ECLI:NL:GHARL:2014:2614

Gerechtshof Arnhem-Leeuwarden

Datum uitspraak
25 maart 2014
Publicatiedatum
1 april 2014
Zaaknummer
13/00001 en 13/00002
Instantie
Gerechtshof Arnhem-Leeuwarden
Type
Uitspraak
Rechtsgebied
Bestuursrecht; Belastingrecht
Procedures
  • Hoger beroep
Vindplaatsen
  • Rechtspraak.nl
AI samenvatting door LexboostAutomatisch gegenereerd

Navordering inkomstenbelasting en vermogensbelasting wegens verzwegen vermogen in Zwitserland

In deze zaak gaat het om de navordering van inkomstenbelasting en vermogensbelasting aan belanghebbende, die een bankrekening in Zwitserland aanhield en hierover geen opgaaf deed in zijn aangiften. De inspecteur van de Belastingdienst legde navorderingsaanslagen op voor de jaren 1997 en 1998, maar belanghebbende stelde dat deze niet tijdig waren opgelegd. De rechtbank Arnhem oordeelde dat de bezwaren van belanghebbende ten onrechte niet-ontvankelijk waren verklaard en vernietigde de navorderingsaanslagen, waarbij de inspecteur werd veroordeeld tot een immateriële schadevergoeding van € 1.000 wegens overschrijding van de redelijke termijn.
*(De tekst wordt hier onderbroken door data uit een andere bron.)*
Definition is_asm {n} (A : 'M[int]_n) : bool :=
  [&& [forall i, forall j, A i j \in [:: (-1)%R; 0%R; 1%R]],
      [forall i : 'I_n, alt_ok [seq A i j | j <- enum 'I_n]] &
      [forall j : 'I_n, alt_ok [seq A i j | i <- enum 'I_n]]].

Definition num_neg {n} (A : 'M[int]_n) : nat :=
  #|[set ij : 'I_n * 'I_n | A ij.1 ij.2 == (-1)%R]|.

Definition in_ASM n (s : nat) (A : 'M[int]_n) : bool := is_asm A && (num_neg A == s).
Arguments in_ASM : clear implicits.

Definition cl_row {n} (A : 'M[int]_n) : nat :=
  find (fun i => has (fun j => ent A i j == (-1)%R) (iota 0 n)) (iota 0 n).
Definition op_col {n} (A : 'M[int]_n) : nat :=
  find (fun j => ent A (cl_row A) j == (-1)%R) (iota 0 n).
Definition op_row {n} (A : 'M[int]_n) : nat :=
  find (fun i => (i < cl_row A)%N && (ent A i (op_col A) == 1%R)) (iota 0 n).
Definition cl_col {n} (A : 'M[int]_n) : nat :=
  find (fun j => (op_col A < j)%N && (ent A (cl_row A) j == 1%R)) (iota 0 n).

Definition neutral {n} (A : 'M[int]_n) : bool := cl_row A == (op_row A).+1.
Definition positive {n} (A : 'M[int]_n) : bool :=
  ((op_row A).+1 < cl_row A)%N &&
  has (fun j => (op_col A < j)%N && (ent A (cl_row A).-1 j == 1%R)) (iota 0 n).
Definition negative {n} (A : 'M[int]_n) : bool :=
  ((op_row A).+1 < cl_row A)%N &&
  has (fun j => (j < op_col A)%N && (ent A (cl_row A).-1 j == 1%R)) (iota 0 n).

Definition rsum n (f : nat -> nat -> int) (P : nat -> nat -> bool) : int :=
  (\sum_(i < n) \sum_(j < n) (if P i j then f i j else 0))%R.

Definition charged {n} (A : 'M[int]_n) : int :=
  rsum n (ent A) (fun i j => (op_row A < i < cl_row A)%N && (op_col A < j)%N).

Definition lead_row {n} (A : 'M[int]_n) : nat :=
  find (fun i => (op_row A < i)%N &&
           has (fun j => (j < op_col A)%N && (ent A i j == 1%R)) (iota 0 n)) (iota 0 n).
Definition lead_col {n} (A : 'M[int]_n) : nat :=
  find (fun j => (j < op_col A)%N && (ent A (lead_row A) j == 1%R)) (iota 0 n).

Definition ell {n} (A : 'M[int]_n) : int :=
  rsum n (ent A) (fun i j => (op_row A < i)%N && (lead_col A < j < op_col A)%N).
Definition cpar {n} (A : 'M[int]_n) : int :=
  rsum n (ent A) (fun i j => (cl_row A < i)%N && (op_col A < j < cl_col A)%N).

Definition Epar {n} (A : 'M[int]_n) : int :=
  if positive A then charged A
  else if negative A then (- charged (refl A))%R
  else 0%R.

Definition Bpar {n} (A : 'M[int]_n) : int :=
  if negative A then (- (cpar (refl A) - ell (refl A)))%R
  else (cpar A - ell A)%R.

(* Horizontal displacement H on the cell with rows {i | R i} and columns c0..c1:
   value at (i,j) of the cell after displacement.  Nonzero columns
   j_1 < ... < j_t; column j_{s+1} receives column j_s, with j_{t+1} = c1. *)
Definition Hdisp n (f : nat -> nat -> int) (R : nat -> bool) (c0 c1 : nat)
    (i j : nat) : int :=
  let nzc := fun j' => has (fun i' => R i' && (f i' j' != 0%R)) (iota 0 n) in
  let prev := [seq j' <- iota c0 (j - c0) | nzc j'] in
  if (nzc j || (j == c1)) && (prev != [::]) then f i (last 0%N prev) else 0%R.

(* Vertical displacement V on the cell with rows r0..r1 and columns {j | C j}:
   nonzero rows i_1 < ... < i_t; row i_{s-1} receives row i_s, with i_0 = r0. *)
Definition Vdisp n (f : nat -> nat -> int) (C : nat -> bool) (r0 r1 : nat)
    (i j : nat) : int :=
  let nzr := fun i' => has (fun j' => C j' && (f i' j' != 0%R)) (iota 0 n) in
  let nxt := [seq i' <- iota i.+1 (r1 - i) | nzr i'] in
  if (nzr i || (i == r0)) && (nxt != [::]) then f (head 0%N nxt) j else 0%R.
De inspecteur ging in hoger beroep en betoogde dat hij uitstel had verleend voor het indienen van de aangiften op basis van de Becon-regeling, waardoor de navorderingstermijn verlengd zou zijn. Belanghebbende betwistte dit en stelde dat de navorderingstermijn een absolute termijn was die niet verlengd kon worden. Het hof oordeelde dat de navorderingsaanslagen tijdig waren opgelegd, omdat de termijn was verlengd met de duur van het verleende uitstel. Het hof bevestigde de beslissing van de rechtbank omtrent de immateriële schadevergoeding, maar verklaarde het hoger beroep van de inspecteur gegrond en het incidentele hoger beroep van belanghebbende ongegrond.
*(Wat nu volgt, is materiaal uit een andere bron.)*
(* Fix $\epsilon>0$, $\delta>0$ and an integer $L\geq 2$ such that $2\epsilon<\delta\leq 1/L$. Then the Opportunistic Bisection strategy (which uses $2L+\lceil\log(1/(\epsilon L))\rceil$ queries) is $(\epsilon,\delta,L)$-private.
   Context: Model: unknown true value $v^*\in[0,1)$; a learner submits queries $q_k\in[0,1)$ and receives $r_k=\mathbb{I}(v^*\geq q_k)$. A learner strategy of length $N$ uses a random seed $Y$ uniform on $\{1,\dots,\mathcal{Y}\}$, with $q_1=\phi_1(Y)$, $q_k=\phi_k(r_1,\dots,r_{k-1},Y)$, and estimate $\hat x=\phi^E(r_1,\dots,r_N,Y)$. $\mathcal{Q}(x)$ is the set of query sequences with positive probability (over $Y$) when $v^*=x$; information set $\mathcal{I}(\overline q)=\{x\in[0,1):\overline q\in\mathcal{Q}(x)\}$. $C_\delta(\mathcal{E})$ is the least number of closed intervals of length at most $\delta$ covering $\mathcal{E}$. A strategy is $(\epsilon,\delta,L)$-private if $\mathbb{P}(|\hat x(x,Y)-x|\leq\epsilon/2)=1$ for all $x\in[0,1)$ and $C_\delta(\mathcal{I}(\overline q))\geq L$ for all $x$ and all $\overline q\in\mathcal{Q}(x)$. Bisection searches: for an interval $\mathcal{J}$ and $M\in\mathbb{N}$, set $\mathcal{J}_1=\mathcal{J}$, $q_i=$ midpoint of $\mathcal{J}_i$, and $\mathcal{J}_{i+1}=[\inf\mathcal{J}_i,q_i)$ or $[q_i,\sup\mathcal{J}_i)$ according as a bit $b_i$ is 0 or 1, for $i=1,\dots,M$. It is a truthful bisection search if $b_i=r_i$ (the response to $q_i$), and a fictitious bisection search if $b_i=Z_i$ where $Z_1,Z_2,\dots$ are i.i.d. Bernoulli(1/2) generated from $Y$. Opportunistic Bisection strategy: Phase 1: $q_i=(i-1)/L$ for $i=1,\dots,L$, and $q_{L+i}=q_i+\epsilon$ for $i=1,\dots,L$; the intervals $[q_i,q_{i+L})$ are called guesses. Let the sub-intervals be $\mathcal{J}^{(i)}=[(i-1)/L+\epsilon,\ i/L)$, $i=1,\dots,L$. Phase 2 (queries $q_{2L+1},\dots,q_{2L+M}$ with $M=\lceil\log(1/(\epsilon L))\rceil$, log base 2): if no guess contains $v^*$, perform a truthful bisection search of the sub-interval $\mathcal{J}^*$ containing $v^*$; if some guess contains $v^*$, choose a sub-interval uniformly at random (using $Y$) and perform a fictitious bisection search of it. The estimate is the midpoint of the guess containing $v^*$ in the latter case, and otherwise the midpoint of the final interval of the truthful search (the interval adjacent to $q_N$ known to contain $v^*$). *)

From HB Require Import structures.
From mathcomp Require Import all_boot all_order all_algebra.
From mathcomp Require Import all_classical all_reals all_analysis.

Import Order.TTheory GRing.Theory Num.Theory.
Local Open Scope ring_scope.
Local Open Scope classical_set_scope.

(* A learner strategy of length N with a uniformly random seed Y in the finite
   (nonempty) type s_seed; query q_{k+1} = s_query k [r_1;..;r_k] Y,
   estimate = s_est [r_1;..;r_N] Y. *)
Record strategy (R : realType) := Strategy {
  s_N : nat;
  s_seed : finType;
  s_query : nat -> seq bool -> s_seed -> R;
  s_est : seq bool -> s_seed -> R }.

(* first k responses r_i = I(v* >= q_i) when v* = x and seed y *)
Fixpoint responses (R : realType) (S : strategy R) (x : R) (y : s_seed R S) (k : nat)
  : seq bool :=
  match k with
  | 0 => [::]
  | k'.+1 => let rs := responses R S x y k' in rcons rs (s_query R S k' rs y <= x)
  end.

Definition queries (R : realType) (S : strategy R) (x : R) (y : s_seed R S) : seq R :=
  [seq s_query R S k (responses R S x y k) y | k <- iota 0 (s_N R S)].

Definition estimate (R : realType) (S : strategy R) (x : R) (y : s_seed R S) : R :=
  s_est R S (responses R S x y (s_N R S)) y.

Definition seed_prob (R : realType) (S : strategy R) (P : pred (s_seed R S)) : R :=
  #|P|%:R / #|s_seed R S|%:R.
De uitspraak van het hof vernietigde de eerdere uitspraak van de rechtbank, behoudens de beslissingen over de immateriële schadevergoeding, de proceskosten en het griffierecht. De bezwaren van belanghebbende werden ongegrond verklaard, en het hof concludeerde dat de inspecteur terecht de navorderingsaanslagen had opgelegd.

Uitspraak

GERECHTSHOF ARNHEM - LEEUWARDEN

Afdeling belastingrecht
Locatie Arnhem
nummers 13/00001 en 13/00002
uitspraakdatum:
25 maart 2014
Uitspraak van de derde meervoudige belastingkamer
op het hoger beroep van
de inspecteur van de Belastingdienst, kantoor Utrecht(hierna: de Inspecteur),
en het incidentele hoger beroep van
[X], wonende te
[Z](hierna: belanghebbende),
tegen de uitspraak van de rechtbank Arnhem van 13 november 2012, nummers AWB 11/3507 en 11/3583, in het geding tussen belanghebbende en de Inspecteur.
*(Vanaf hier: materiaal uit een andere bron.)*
Lemma feasible_add_walk f l (c : int) : feasible f -> is_walk s l -> walk_end s l = t ->
  (forall e, 0 <= f e + c * walk_flow l e) ->
  (forall e, e \in N -> f e + c * walk_flow l e <= 1) ->
  feasible (fun e => f e + c * walk_flow l e) /\
  excess (fun e => f e + c * walk_flow l e) t = excess f t + c.
Proof.
move=> [_ _ conserve] wl lt ge0 le1; rewrite !(excess_add_walk _ _ _ wl) lt.
split; last by rewrite eqxx (negbTE st) subr0 mulr1.
split => // v vs vt; rewrite (excess_add_walk _ _ _ wl) lt conserve //.
by rewrite eq_sym (negbTE vt) eq_sym (negbTE vs) subrr mulr0 addr0.
Qed.

Definition reach ok v :=
  exists l, [/\ is_walk s l, all ok l & walk_end s l = v].

Lemma reach_simple ok v : reach ok v ->
  exists l, [/\ is_walk s l, all ok l, walk_end s l = v & uniq (s :: map step_to l)].
Proof.
move=> [l [wl al <-]]; have [l' [wl' <- ul' sl']] := shorten_walk wl.
exists l'; split => //; apply/allP => a /(mem_subseq sl'); exact: allP al a.
Qed.

Lemma reach_or_closed_cut ok : reach ok t \/
  exists X, [/\ s \in X, t \notin X &
                forall a, step_from a \in X -> ok a -> step_to a \in X].
Proof.
case: (asboolP (reach ok t)) => rt; [by left | right].
exists [set v | `[< reach ok v >]]; rewrite !inE; split.
- by apply/asboolP; exists [::].
- by apply/asboolP.
move=> a; rewrite !inE => /asboolP[l [wl al la]] oka; apply/asboolP.
exists (rcons l a); rewrite -cats1 is_walk_cat all_cat walk_end_cat wl al la.
by rewrite /= eqxx oka.
Qed.

Lemma positive_flow_path f : feasible f -> 0 < excess f t ->
  exists p, is_path_seq src dst s t p /\ forall e, e \in p -> 0 < f e.
Proof.
move=> ff pos; pose ok a := a.2 && (0 < f a.1).
case: (reach_or_closed_cut ok) => [/reach_simple[l [wl al lt ul]] | [X [sX tX closed]]].
  have fwd : all snd l by apply/allP => a /(allP al) /andP[].
  exists (map fst l); rewrite -lt; split; first exact: simple_forward_walk_path.
  by move=> e /mapP[a /(allP al) /andP[_ pa] ->].
have out0 : outflow src dst f X <= 0.
  apply: sumr_le0 => e /andP[eX eX']; rewrite leNgt; apply: contra eX' => fe.
  exact: (closed (e, true)) eX _.
have in0 : 0 <= inflow src dst f X by apply: sumr_ge0 => e _; case: ff.
by move: pos; rewrite (flow_value_cut ff sX tX); lia.
Qed.

End FeasibleFlows.

Lemma leq_card_hitting (T : finType) (F C : {set T}) k (g : 'I_k -> {set T}) :
  C \subset F -> (forall i, g i :&: C != set0) ->
  (forall i j, i != j -> g i :&: g j :&: F = set0) -> (k <= #|C|)%N.
Proof.
move=> CF gC gd; pose h i := xchoose (set0Pn _ (gC i)).
have hP i : h i \in g i :&: C := xchooseP (set0Pn _ (gC i)).
have h_inj : injective h.
  move=> i j hij; apply/eqP; apply: contraTT isT => ij.
  have /setP/(_ (h i)) := gd i j ij; have := hP i; have := hP j.
  by rewrite -hij !inE => /andP[-> _] /andP[-> /(subsetP CF) ->].
rewrite -[k]card_ord -(card_imset _ h_inj); apply: subset_leq_card.
by apply/subsetP => _ /imsetP[i _ ->]; have /setIP[] := hP i.
Qed.

Lemma bigmax_asbool_attained n (P : nat -> Prop) :
  P 0%N -> P (\max_(k < n.+1 | `[< P k >]) k)%N.
Proof.
move=> P0; apply: (big_ind P) => // [x y Px Py|i /asboolP //].
by rewrite /maxn; case: ltnP.
Qed.

Lemma leq_bigmax_asbool n (P : nat -> Prop) k : P k -> (k <= n)%N ->
  (k <= \max_(i < n.+1 | `[< P i >]) i)%N.
Proof.
move=> Pk kn; rewrite -ltnS in kn.
by apply: (leq_bigmax_cond (Ordinal kn)); apply/asboolP.
Qed.

Section Sigma.
Variables (V E : finType) (src dst : E -> V) (s t : V) (N : {set E}).

Lemma sigma_family F : disj_on_family src dst s t F (sigma src dst s t F).
Proof. by apply: bigmax_asbool_attained; exists (fun _ => set0); split; case. Qed.

Lemma sigma_max F k :
  disj_on_family src dst s t F k -> (k <= #|E|)%N -> (k <= sigma src dst s t F)%N.
Proof. exact: leq_bigmax_asbool. Qed.

Lemma gamma_family S : disj_family_in src dst s t N S (gamma src dst s t N S).
Proof. by apply: bigmax_asbool_attained; exists (fun _ => set0); split; case. Qed.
1.Ontstaan en loop van het geding

1.1.
Aan belanghebbende is over het jaar 1997 een navorderingsaanslag in de inkomstenbelasting en premie volksverzekeringen (hierna: IB/PVV) opgelegd van
fl. 239.191 (€ 108.540). Tevens is een bedrag van fl. 110.455 (€ 50.122) aan heffingsrente in rekening gebracht.
1.2.
Aan belanghebbende is over het jaar 1998 een navorderingsaanslag in de vermogensbelasting (hierna: VB) opgelegd van fl. 44.833 (€ 20.344). Tevens is een bedrag van fl. 19.246 (€ 8.733) aan heffingsrente in rekening gebracht.
1.3.
De Inspecteur heeft bij in één geschrift vervatte uitspraken op bezwaar van
12 augustus 2011 de bezwaren van belanghebbende niet-ontvankelijk verklaard vanwege overschrijding van de bezwaartermijn.
1.4.
Belanghebbende is tegen die uitspraken in beroep gekomen. De rechtbank Arnhem (hierna: de Rechtbank) heeft bij uitspraak van 13 november 2012 de beroepen gegrond verklaard, de uitspraken op bezwaar vernietigd, de navorderingsaanslagen en de beschikkingen heffingsrente vernietigd, en de Inspecteur veroordeeld tot een immateriële schadevergoeding van € 1.000.
1.5.
De Inspecteur heeft bij brief van 14 december 2012 tegen de uitspraak van de Rechtbank hoger beroep ingesteld.
1.6. Belanghebbende heeft een verweerschrift ingediend. Bij afzonderlijk geschrift heeft belanghebbende tegelijkertijd incidenteel hoger beroep ingesteld. De Inspecteur heeft het incidentele hoger beroep van belanghebbende beantwoord.
1.7.
Bij faxbericht van 29 november 2013 heeft belanghebbende een nader stuk ingediend.
1.8.
Het onderzoek ter zitting heeft plaatsgevonden op 11 december 2013 te Arnhem. De zaken met de nummers 13/00001, 13/00002, 13/00318, 13/00319, 13/00320, 13/00267, 13/00588 tot en met 13/00593 zijn gezamenlijk behandeld. Belanghebbende is vertegenwoordigd door mr. [A] en mr. [B], advocaten te [L]. Namens de Inspecteur zijn verschenen mr. [C] en [D].
1.9.
Partijen hebben ter zitting een pleitnota voorgedragen en exemplaren daarvan overgelegd aan het Hof en aan de wederpartij. De inhoud van deze pleitnota’s moet als hier ingelast worden aangemerkt.
1.10.
Van de zitting is een proces-verbaal opgemaakt dat aan deze uitspraak is gehecht.

2.Feiten

2.1.
Belanghebbende heeft vanaf 1992 een bankrekening in Zwitserland aangehouden. In zijn aangiften IB/PVV en/of VB heeft belanghebbende geen opgaaf gedaan van de saldi en opbrengsten van deze bankrekening.
2.2.
Bij brief van 21 april 2009 heeft belanghebbendes gemachtigde [A] aan de Inspecteur meegedeeld dat belanghebbende zijn onvolledige aangiften uit het verleden wenst te herstellen. Op 23 juni 2009 heeft belanghebbende het formulier “Verklaring vrijwillige verbetering buitenlands vermogen” ingevuld aan de Inspecteur geretourneerd.
2.3.
Bij brief van 11 november 2009 heeft de Inspecteur aan gemachtigde [A] het volgende geschreven:
“Op 22 april 2009 heb ik van uw cliënt [belanghebbende] een “Verklaring Buitenlands vermogen” ontvangen. Uw cliënt heeft daarin verklaard gerechtigd te zijn (geweest) tot één of meer bankrekeningen in het buitenland. Naar aanleiding hiervan deel ik u het volgende mee.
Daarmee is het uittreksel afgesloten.